Now that we have some easy access to our configuration files, it’s time to start deciding what we can do with this home assistant hub. As I mentioned before, I have a lack of Z-Wave or other automation devices for my home, so tinkering with automation jobs like that seems like a wash. However, one thing I do have is a Raspberry Sense HAT. If you’ve never seen one of these things, it is a simple, all-in-one sensor board. It can be useful for testing programs that may make use of a temperature sensor rather than having to prototype a board yourself with individual sensors. Bonus is that the Home Assistant program also has a pre-built component for it!
Installing the HAT
Installation of the Sense HAT is fairly easy, though as a consequence of its design, it will cover all 40 pins of a Raspberry Pi’s GPIO connector. Does it use them all? Can it pass through and allow other HATs on top? I don’t know, and the documentation hasn’t been forthcoming with that information. I had guessed the I2C interface, and finding this pinout diagram shows me that I was right. It even hints at the possibility of pass-through usage of the other pins.
At any rate, in my case (as shown above), I had a case that exposed the GPIO connector. Plastic standoff posts and screws come with the Sense HAT, so mounting it right onto the Pi’s board is easy enough. My case doesn’t allow me to do that, as its structure relies on the top plate to be in place. Additionally, the sensors don’t work as well covered, so I opted to leave the board mounted by the GPIO connector alone and stand above the case. It works. For a permanent solution, I wouldn’t recommend this as it leaves the delicate sensor chips open to exposure, but it works in a pinch and lets me get started.
Installing the Software
Installing the software was more of a challenge for me. The Sense HAT Component Page details some steps to go through in order to install the software. Parts of it wound up being helpful, but I wound up suffering some problems that no readily documented resolution was available for. I made mistakes at first, being given the information on what to install incompletely. Python, the language that Home Assistant is written in, supports something called ‘virtual environments’. My take on it is that it is a non-global repository of source files. I didn’t realize this, nor how to work with it, so my first attempt had me install the Sense HAT components in the global repository. This did not work well. Keep in mind that I was working off of the Hassbian 1.1 image. The deployment requirements for the All-In-One Installer script may (and likely is) different.
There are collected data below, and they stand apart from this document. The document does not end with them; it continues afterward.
Lemma burau_phi_unitary A : A \in unitmx -> burau_v *m A = burau_v ->
  A *m ones3 = ones3 -> map_mx sigma A *m burau_J *m A^T = burau_J ->
  (map_mx sigma (burau_phi A))^T *m reduced_form *m burau_phi A = reduced_form.
Proof.
move=> A_unit vA A1 unitary; set M := burau_phi A.
have AW : A *m ker_basis = ker_basis *m M := burau_phi_ker vA A1.
have AW_bar : map_mx sigma A *m map_mx sigma ker_basis
              = map_mx sigma ker_basis *m map_mx sigma M by rewrite -!map_mxM AW.
have JX_bar : burau_J *m map_mx sigma dual_basis = map_mx sigma ker_basis.
  by rewrite -burau_J_dual map_mxM -map_trmx map_burau_J trmxK.
have AJA : A *m burau_J^T *m (map_mx sigma A)^T = burau_J^T.
  by have := congr1 trmx unitary; rewrite !trmx_mul trmxK mulmxA.
(* Z = 0 would say that A preserves the form J^-T on ker v; the weaker facts
   J^T Z = 0 and bar(W) = J bar(X) suffice and avoid inverting J. *)
set Z := (map_mx sigma A)^T *m dual_basis *m M - dual_basis.
have JZ : burau_J^T *m Z = 0.
  apply: (can_inj (mulKmx A_unit)); rewrite mulmx0 !mulmxBr !mulmxA AJA burau_J_dual.
  by rewrite -(mulmxA A) burau_J_dual AW subrr.
have WZ : (map_mx sigma ker_basis)^T *m Z = 0.
  by rewrite -JX_bar trmx_mul -mulmxA JZ mulmx0.
apply/eqP; rewrite -reduced_formE -subr_eq0 -WZ mulmxBr !mulmxA.
by rewrite -trmx_mul -AW_bar trmx_mul.
Qed.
To get into the virtual environment to perform the install properly, as documented on the Component page, the commands are:
pi@hassbian$ sudo su -s /bin/bash homeassistant
homeassistant@hassbian$ source /srv/homeassistant/homeassistant_venv/bin/activate
(homeassistant) homeassistant@hassbian$
When you get the prefix on your prompt of (homeassistant) that should be a good indicator you’re in the right spot. Once you are, you should be able to install the Sense HAT libraries using:
(homeassistant) homeassistant@hassbian$ pip3 install sense-hat
This ended badly. At first, it complained about missing components during the install. One component was resolved by, as the pi user, installing the appropriate library.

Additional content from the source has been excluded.